The Ranking Minority Member of the House Committee on Veterans Affairs requested that GAO respond to follow-up questions on its testimony on its report "Hand-off or Fumble: Are DOD and VA Providing Seamless Health Care Coverage to Transitioning Veterans?"

GAO believes that strong leadership and appropriate follow-through are key to improving compliance with force protections and surveillance policies for Operation Iraqi Freedom.
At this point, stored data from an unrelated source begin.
(* Let $x\in S_n$ with $x_i>x_{i+1}$, and let $y$ be obtained from $x$ by transposing $x_i$ and $x_{i+1}$, so that $x$ covers $y$ in the weak order. Then a lattice congruence $\Theta$ on $S_n$ contracts the edge $y\lessdot x$ (i.e. $x\equiv y$) if and only if it contracts the join-irreducible $\lambda(x,i)$.
   Context: $S_n$: permutations of $[n]$ in one-line notation with the right weak order ($x\le y$ iff the set of inverted value pairs of $x$ is contained in that of $y$), a lattice. A join-irreducible $\gamma$ covers exactly one element $\gamma_*$; $\Theta$ contracts $\gamma$ if $\gamma\equiv\gamma_*$. For $x$ with $x_i>x_{i+1}$, set $A(x,i)=\{x_j:1\le j\le i,\ x_j>x_i\}\cup\{x_j:i+1\le j\le n,\ x_j\ge x_{i+1}\}$, and let $\lambda(x,i)$ be the permutation consisting of the elements of $[n]\setminus A(x,i)$ in increasing order followed by the elements of $A(x,i)$ in increasing order; it is join-irreducible. *)

(* Permutations of [n] are {perm 'I_n}, values and positions
   0-indexed; one-line notation of x is (x 0, x 1, ..., x (n-1)). *)
From mathcomp Require Import all_boot all_order all_fingroup.
Set Implicit Arguments. Unset Strict Implicit. Unset Printing Implicit Defensive.
Local Open Scope group_scope.

Section WeakOrder.
Variable n : nat.
Notation Sn := {perm 'I_n}.

Definition inv_set (x : Sn) : {set 'I_n * 'I_n} :=
  [set p : 'I_n * 'I_n | (p.1 < p.2)%N && (x^-1 p.2 < x^-1 p.1)%N].

(* right weak order *)
Definition wle (x y : Sn) : Prop := inv_set x \subset inv_set y.
Definition wlt (x y : Sn) : Prop := wle x y /\ x <> y.

Definition covers (x y : Sn) : Prop :=
  wlt y x /\ ~ (exists z, wlt y z /\ wlt z x).

Definition is_join (a b c : Sn) : Prop :=
  wle a c /\ wle b c /\ forall d, wle a d -> wle b d -> wle c d.
Definition is_meet (a b c : Sn) : Prop :=
  wle c a /\ wle c b /\ forall d, wle d a -> wle d b -> wle d c.

Definition lattice_congruence (Th : Sn -> Sn -> Prop) : Prop :=
  [/\ (forall a, Th a a), (forall a b, Th a b -> Th b a),
      (forall a b c, Th a b -> Th b c -> Th a c),
      (forall a b c ja jb, Th a b -> is_join a c ja -> is_join b c jb -> Th ja jb)
    & (forall a b c ma mb, Th a b -> is_meet a c ma -> is_meet b c mb -> Th ma mb)].

(* Theta contracts the join-irreducible gamma: gamma == gamma_* , where
   gamma_* is the (unique) element covered by gamma *)
Definition contracts (Th : Sn -> Sn -> Prop) (g : Sn) : Prop :=
  exists g', covers g g' /\ Th g g'.

(* A(x,i); here i is a position and j the next position (j = i+1) *)
Definition Aset (x : Sn) (i j : 'I_n) : {set 'I_n} :=
  x @: [set k : 'I_n | ((k <= i)%N && (x i < x k)%N) || ((j <= k)%N && (x j <= x k)%N)].

(* one-line notation of lambda(x,i): complement of A increasing, then A increasing *)
Definition lam_seq (x : Sn) (i j : 'I_n) : seq 'I_n :=
  [seq v <- enum 'I_n | v \notin Aset x i j] ++ [seq v <- enum 'I_n | v \in Aset x i j].

Definition lam_fun (x : Sn) (i j : 'I_n) (p : 'I_n) : 'I_n := nth p (lam_seq x i j) p.

Lemma lam_seq_perm x i j : perm_eq (lam_seq x i j) (enum 'I_n).
Proof. by rewrite /lam_seq perm_catC perm_filterC. Qed.

Lemma lam_fun_inj x i j : injective (lam_fun x i j).
Proof.
move=> p q; rewrite /lam_fun.
have hs : size (lam_seq x i j) = n by rewrite (perm_size (lam_seq_perm x i j)) size_enum_ord.
have hu : uniq (lam_seq x i j) by rewrite (perm_uniq (lam_seq_perm x i j)) enum_uniq.
rewrite (set_nth_default p q); last by rewrite hs ltn_ord.
move/eqP; rewrite nth_uniq ?hs ?ltn_ord //; move/eqP; exact: val_inj.
Qed.

Definition lambda (x : Sn) (i j : 'I_n) : Sn := perm (@lam_fun_inj x i j).

End WeakOrder.

From mathcomp Require Import all_boot all_order all_fingroup zify.

(* Let P be the inversion (x_{i+1}, x_i), so that inv(y) = inv(x) \ {P}.  The
   inversion set of lambda = lambda(x,i) is the set of pairs a < b with a in A
   and b not in A; it contains P and lies inside inv(x).  Since x_i is the
   largest value outside A and x_{i+1} the smallest one in A, they sit next to
   each other in lambda, and swapping them gives lambda_0 with inversion set
   inv(lambda) \ {P}.  The same extremality shows that the only u <= lambda
   having the inversion P is lambda itself, so lambda_0 is the unique element
   covered by lambda.  Finally lambda /\ y = lambda_0 and lambda \/ y = x, hence
   the edges y < x and lambda_0 < lambda are perspective and every lattice
   congruence contracts both or neither. *)

Set Implicit Arguments. Unset Strict Implicit. Unset Printing Implicit Defensive.
Local Open Scope group_scope.

Section InversionSets.
Variable n : nat.
Implicit Types (x y z : {perm 'I_n}) (i j u v : 'I_n).

Lemma inv_setP x a b : ((a, b) \in inv_set x) = (a < b) && (x^-1 b < x^-1 a).
Proof. by rewrite inE. Qed.

Lemma card_ltn_ord k : k <= n -> #|[set m : 'I_n | m < k]| = k.
Proof.
move=> kn; rewrite cardsE cardE /enum_mem size_filter -enumT.
rewrite -(count_map val (fun m => m < 0 + k)) val_enum_ord -size_filter.
by rewrite filter_iota_ltn // size_iota.
Qed.

Lemma perm_rank x v : val (x v) = #|[set u | x u < x v]|.
Proof.
rewrite -[LHS](card_ltn_ord (ltnW (ltn_ord (x v)))).
rewrite -(card_preimset [set m : 'I_n | m < x v] (@perm_inj _ x)).
by apply: eq_card => u; rewrite !inE.
Qed.

Lemma ltn_permV_inv_set x u v : (x^-1 u < x^-1 v) =
  if u < v then (u, v) \notin inv_set x else (v, u) \in inv_set x.
Proof.
rewrite !inv_setP; case: (ltngtP u v) => [uv|vu|/val_inj->]; rewrite ?ltnn //=.
rewrite -leqNgt ltn_neqAle (inj_eq (@ord_inj n)) (inj_eq perm_inj) andb_idl // => _.
by apply: contraTneq uv => ->; rewrite ltnn.
Qed.

Lemma inv_set_inj : injective (@inv_set n).
Proof.
move=> x y exy; apply: invg_inj; apply/permP => v; apply: val_inj.
rewrite (perm_rank x^-1) (perm_rank y^-1).
by apply: eq_card => u; rewrite !inE !ltn_permV_inv_set exy.
Qed.

Lemma ltn_tperm_adj i j u v : j = i.+1 :> nat ->
  (u, v) != (i, j) -> (u, v) != (j, i) -> (tperm i j u < tperm i j v) = (u < v).
Proof.
have nat_neq (a b : 'I_n) : a <> b -> a <> b :> nat by move=> ab /ord_inj.
move=> hj; case: tpermP => [->|->|/nat_neq ui /nat_neq uj];
  case: tpermP => [->|->|/nat_neq vi /nat_neq vj]; rewrite ?eqxx //= => _ _; lia.
Qed.

Lemma inv_set_tpermM z i j : j = i.+1 :> nat -> z j < z i ->
  inv_set (tperm i j * z) = inv_set z :\ (z j, z i).
Proof.
move=> hj hd; apply/setP => -[a b]; rewrite in_setD1 !inv_setP invMg tpermV !permM.
rewrite xpair_eqE -[a](permKV z) -[b](permKV z) !permK !(inj_eq perm_inj).
move: (z^-1 a) (z^-1 b) => {}a {}b.
case: (boolP [&& a == j & b == i]) => [/andP[/eqP-> /eqP->] | nji].
  by rewrite tpermL tpermR hj [_.+1 < _]ltnNge leqnSn andbF.
case: (boolP [&& a == i & b == j]) => [/andP[/eqP-> /eqP->] | nij].
  by rewrite ltnNge (ltnW hd) !andbF.
by rewrite ltn_tperm_adj ?nji // xpair_eqE andbC.
Qed.

End InversionSets.

Section WeakOrder.
Variable n : nat.
Implicit Types (a b c d u w z : {perm 'I_n}) (p : 'I_n * 'I_n).

Lemma is_meet_inv_setI a b c : inv_set c = inv_set a :&: inv_set b -> is_meet a b c.
Proof.
rewrite /is_meet /wle => ->; split; [exact: subsetIl | split; first exact: subsetIr].
by move=> d da db; rewrite subsetI da.
Qed.

Lemma is_join_inv_setU a b c : inv_set c = inv_set a :|: inv_set b -> is_join a b c.
Proof.
rewrite /is_join /wle => ->; split; [exact: subsetUl | split; first exact: subsetUr].
by move=> d ad bd; rewrite subUset ad.
Qed.

Lemma covers_inv_setD1 w z p : p \in inv_set w -> inv_set z = inv_set w :\ p -> covers w z.
Proof.
move=> pw ez; split.
  split; first by rewrite /wle ez subD1set.
  by move=> ezw; move: pw; rewrite -ezw ez setD11.
case=> u [[zu nzu] [uw nuw]]; case: (boolP (p \in inv_set u)) => pu.
  apply: nuw; apply: inv_set_inj; apply/eqP; rewrite eqEsubset uw /=.
  apply/subsetP => q qw; case: (q =P p) => [-> // | /eqP nqp].
  by apply: (subsetP zu); rewrite ez in_setD1 nqp qw.
apply: nzu; apply: inv_set_inj; apply/eqP; rewrite eqEsubset zu /= ez.
apply/subsetP => q qu; rewrite in_setD1 (subsetP uw _ qu) andbT.
by apply: contraNneq pu => <-.
Qed.

Lemma contracts_inv_setD1 Th w z p : p \in inv_set w -> inv_set z = inv_set w :\ p ->
  (forall u, wle u w -> p \in inv_set u -> u = w) -> contracts Th w <-> Th w z.
Proof.
move=> pw ez w_min; have cov_wz := covers_inv_setD1 pw ez.
split=> [[z' [[[z'w nz'w] no_between] Twz']] | Twz]; last by exists z.
have z'z : wle z' z.
  by rewrite /wle ez subsetD1 z'w; apply/negP => /(w_min _ z'w).
case: (z' =P z) => [<- // | nz'z]; case: no_between; exists z.
by split; [split | case: cov_wz].
Qed.

Lemma lattice_congruence_perspective Th a b c d : lattice_congruence Th ->
  is_meet a c c -> is_meet b c d -> is_join c b a -> is_join d b b ->
  Th a b <-> Th c d.
Proof.
case=> _ _ _ join_compat meet_compat mac mbd jca jdb; split=> [Tab | Tcd].
  exact: meet_compat Tab mac mbd.
exact: join_compat Tcd jca jdb.
Qed.

Lemma lattice_congruence_inv_setD1 Th a b c d p : lattice_congruence Th ->
  p \in inv_set c -> wle c a ->
  inv_set b = inv_set a :\ p -> inv_set d = inv_set c :\ p ->
  Th a b <-> Th c d.
Proof.
move=> congTh pc ca eb ed; apply: lattice_congruence_perspective => //.
- by apply/is_meet_inv_setI/esym/setIidPr.
- by apply: is_meet_inv_setI; rewrite eb ed setIDAC (setIidPr ca).
- apply: is_join_inv_setU; rewrite eb; apply/setP => q; rewrite in_setU in_setD1.
  case: (q =P p) => [-> | _] /=; first by rewrite pc (subsetP ca).
  by case: (boolP (q \in inv_set c)) => // /(subsetP ca).
- by apply/is_join_inv_setU/esym/setUidPr; rewrite eb ed setSD.
Qed.

End WeakOrder.

Lemma index_filter_enum_ord n (P : pred 'I_n) a b : P a -> P b ->
  (index a [seq u <- enum 'I_n | P u] < index b [seq u <- enum 'I_n | P u]) = (a < b).
Proof.
move=> Pa Pb; set s := [seq u <- enum 'I_n | P u].
have mem_s u : (u \in s) = P u by rewrite mem_filter mem_enum andbT.
have lt_tr : transitive (fun u v : 'I_n => u < v) by move=> ? ? ?; apply: ltn_trans.
have le_tr : transitive (fun u v : 'I_n => u <= v) by move=> ? ? ?; apply: leq_trans.
have lt_s : sorted (fun u v : 'I_n => u < v) s.
  apply: sorted_filter => //.
  by have := iota_ltn_sorted 0 n; rewrite -val_enum_ord sorted_map.
have le_s : sorted (fun u v : 'I_n => u <= v) s by apply: sub_sorted lt_s => u v /ltnW.
apply/idP/idP => [|ab]; first by apply: (sorted_ltn_index lt_tr lt_s); rewrite mem_s.
rewrite ltnNge; apply: contraL ab.
move=> /(sorted_leq_index le_tr (fun u => leqnn u) le_s); rewrite !mem_s => /(_ Pb Pa).
by rewrite -leqNgt.
Qed.

Section Lambda.
Variables (n : nat) (x : {perm 'I_n}) (i j : 'I_n).
Local Notation A := (Aset x i j).
Local Notation lam := (lambda x i j).

Lemma lambdaV_index v : val (lam^-1 v) = index v (lam_seq x i j).
Proof.
have size_lam : size (lam_seq x i j) = n.
  by rewrite (perm_size (lam_seq_perm x i j)) size_enum_ord.
have v_lam : v \in lam_seq x i j by rewrite (perm_mem (lam_seq_perm x i j)) mem_enum.
have hk : index v (lam_seq x i j) < n by rewrite -[X in _ < X]size_lam index_mem.
have lam_k : lam (Ordinal hk) = v by rewrite /lambda permE /lam_fun /= nth_index.
by rewrite -{1}lam_k permK.
Qed.

Lemma lambdaV_lt a b : (lam^-1 a < lam^-1 b) =
  if a \in A then (b \in A) && (a < b) else (b \in A) || (a < b).
Proof.
have mem_f (P : pred 'I_n) v : (v \in [seq u <- enum 'I_n | P u]) = P v.
  by rewrite mem_filter mem_enum andbT.
have index_lt (P : pred 'I_n) v :
    P v -> index v [seq u <- enum 'I_n | P u] < size [seq u <- enum 'I_n | P u].
  by move=> Pv; rewrite index_mem mem_f.
rewrite !lambdaV_index /lam_seq !index_cat !mem_f.
case: (boolP (a \in A)) => aA; case: (boolP (b \in A)) => bA /=.
- by rewrite ltn_add2l index_filter_enum_ord.
- by apply/negbTE; rewrite -leqNgt ltnW // ltn_addr // index_lt.
- by rewrite ltn_addr // index_lt.
- by rewrite index_filter_enum_ord.
Qed.

Lemma inv_set_lambda a b :
  ((a, b) \in inv_set lam) = [&& a < b, a \in A & b \notin A].
Proof.
rewrite inv_setP lambdaV_lt.
by case: (a \in A); case: (b \in A); rewrite /= ?andbT ?andbF //; case: ltngtP.
Qed.

Variables c a : 'I_n.
Hypotheses (cA : c \in A) (aA : a \notin A).
Hypotheses (A_ge : forall d, d \in A -> c <= d) (compl_le : forall b, b \notin A -> b <= a).

Lemma lambdaV_adjacent : lam^-1 c = (lam^-1 a).+1 :> nat.
Proof.
have ac : lam^-1 a < lam^-1 c by rewrite lambdaV_lt (negbTE aA) cA.
apply/eqP; rewrite eqn_leq ac andbT leqNgt; apply/negP => gap.
have hk : (lam^-1 a).+1 < n := ltn_trans gap (ltn_ord _).
set k := Ordinal hk.
case: (boolP (lam k \in A)) => kA.
  have := lambdaV_lt (lam k) c; rewrite permK kA cA /= gap => /esym.
  by rewrite ltnNge A_ge.
have := lambdaV_lt a (lam k); rewrite permK (negbTE aA) (negbTE kA) /= ltnSn => /esym.
by rewrite ltnNge compl_le.
Qed.

Lemma inv_set_lambda_min u : wle u lam -> (c, a) \in inv_set u -> u = lam.
Proof.
move=> ul cau; apply: inv_set_inj; apply/eqP; rewrite eqEsubset ul /=.
have le_of_notin (d b : 'I_n) : d < b -> (d, b) \notin inv_set lam -> u^-1 d <= u^-1 b.
  move=> db /negP dbl; rewrite leqNgt; apply/negP => bd.
  by apply: dbl; apply: (subsetP ul); rewrite inv_setP db.
apply/subsetP => -[d b]; rewrite inv_set_lambda inv_setP => /and3P[db dA bA].
rewrite db /=.
have ba : u^-1 b <= u^-1 a.
  case: (b =P a) => [-> // | /eqP nba]; apply: le_of_notin.
    by rewrite ltn_neqAle (inj_eq (@ord_inj n)) nba compl_le.
  by rewrite inv_set_lambda (negbTE bA) /= andbF.
have cd : u^-1 c <= u^-1 d.
  case: (c =P d) => [-> // | /eqP ncd]; apply: le_of_notin.
    by rewrite ltn_neqAle (inj_eq (@ord_inj n)) ncd A_ge.
  by rewrite inv_set_lambda dA /= !andbF.
move: cau; rewrite inv_setP => /andP[_ ac]; exact: leq_ltn_trans ba (leq_trans ac cd).
Qed.

End Lambda.

Section AsetDescent.
Variables (n : nat) (x : {perm 'I_n}) (i j : 'I_n).
Local Notation A := (Aset x i j).

Lemma mem_Aset v :
  (v \in A) = (x^-1 v <= i) && (x i < v) || (j <= x^-1 v) && (x j <= v).
Proof. by rewrite -{1}(permKV x v) mem_imset ?inE ?permKV //; apply: perm_inj. Qed.

Lemma Aset_next_in : x j \in A.
Proof. by rewrite mem_Aset permK !leqnn orbT. Qed.

Lemma Aset_desc_notin : i < j -> x i \notin A.
Proof. rewrite mem_Aset permK; lia. Qed.

Lemma Aset_ge v : x j < x i -> v \in A -> x j <= v.
Proof. rewrite mem_Aset; lia. Qed.

Lemma Aset_compl_le v : j = i.+1 :> nat -> x j < x i -> v \notin A -> v <= x i.
Proof. rewrite mem_Aset; lia. Qed.

Lemma lambda_wle : j = i.+1 :> nat -> x j < x i -> wle (lambda x i j) x.
Proof.
by move=> hj hdesc; apply/subsetP => -[a b]; rewrite inv_set_lambda inv_setP !mem_Aset; lia.
Qed.

End AsetDescent.

Theorem proposition6p4 (n : nat) (x y : {perm 'I_n}) (i j : 'I_n)
  (hj : nat_of_ord j = (nat_of_ord i).+1)
  (hdesc : (x j < x i)%N)
  (hy : forall k : 'I_n, y k = x (tperm i j k))
  (Th : {perm 'I_n} -> {perm 'I_n} -> Prop)
  (hTh : lattice_congruence Th) :
  Th x y <-> contracts Th (lambda x i j).
Proof.
set lam := lambda x i j; set P := (x j, x i).
have cA := Aset_next_in x i j.
have aA : x i \notin Aset x i j by apply: Aset_desc_notin; rewrite hj.
have A_ge d := @Aset_ge _ x i j d hdesc.
have compl_le b := @Aset_compl_le _ x i j b hj hdesc.
have P_lam : P \in inv_set lam by rewrite inv_set_lambda cA aA hdesc.
have inv_y : inv_set y = inv_set x :\ P.
  have -> : y = tperm i j * x by apply/permP => k; rewrite permM hy.
  exact: inv_set_tpermM.
pose lam0 := tperm (lam^-1 (x i)) (lam^-1 (x j)) * lam.
have inv_lam0 : inv_set lam0 = inv_set lam :\ P.
  by rewrite inv_set_tpermM ?permKV // (lambdaV_adjacent cA aA A_ge compl_le).
rewrite (contracts_inv_setD1 Th P_lam inv_lam0 (inv_set_lambda_min A_ge compl_le)).
exact: lattice_congruence_inv_setD1 hTh P_lam (lambda_wle hj hdesc) inv_y inv_lam0.
Qed.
It is encouraged that the compliance problems it found for Operation Enduring Freedom and Operation Joint Guardian prompted the Assistant Secretary of Defense for Health Affairs and the military services' Surgeons General to promptly take a number of actions to help ensure compliance with the Department of Defense's (DOD) force health protection and surveillance policies. Operation Iraqi Freedom is an ongoing operation with deployments of servicemembers who presumably are covered by the new quality assurance programs. On the basis these actions, GAO is optimistic that progress is occurring. However, the extent of compliance can be determined only from an examination of servicemembers' medical records. Knowing which servicemembers were at certain locations at specific times in the theater of operations is important for determining their possible exposures to chemical, biological, or environmental health hazards that DOD may know about currently or later discover. Without this exposure information, it would likely be more problematic for the Department of Veterans Affairs to determine a presumption of service-connection and to ascertain whether treatments are appropriate. When GAO issued its May 1997 report, DOD had not finalized its draft joint medical surveillance policy. DOD subsequently finalized its joint medical surveillance policy in August 1997. Although there are some methodological differences between the May 1997 and September 2003 reports, it is clear that force health protection and surveillance compliance problems continue in several areas. However, there appears to be some improvement in DOD's collection of predeployment blood serum samples from deploying servicemembers.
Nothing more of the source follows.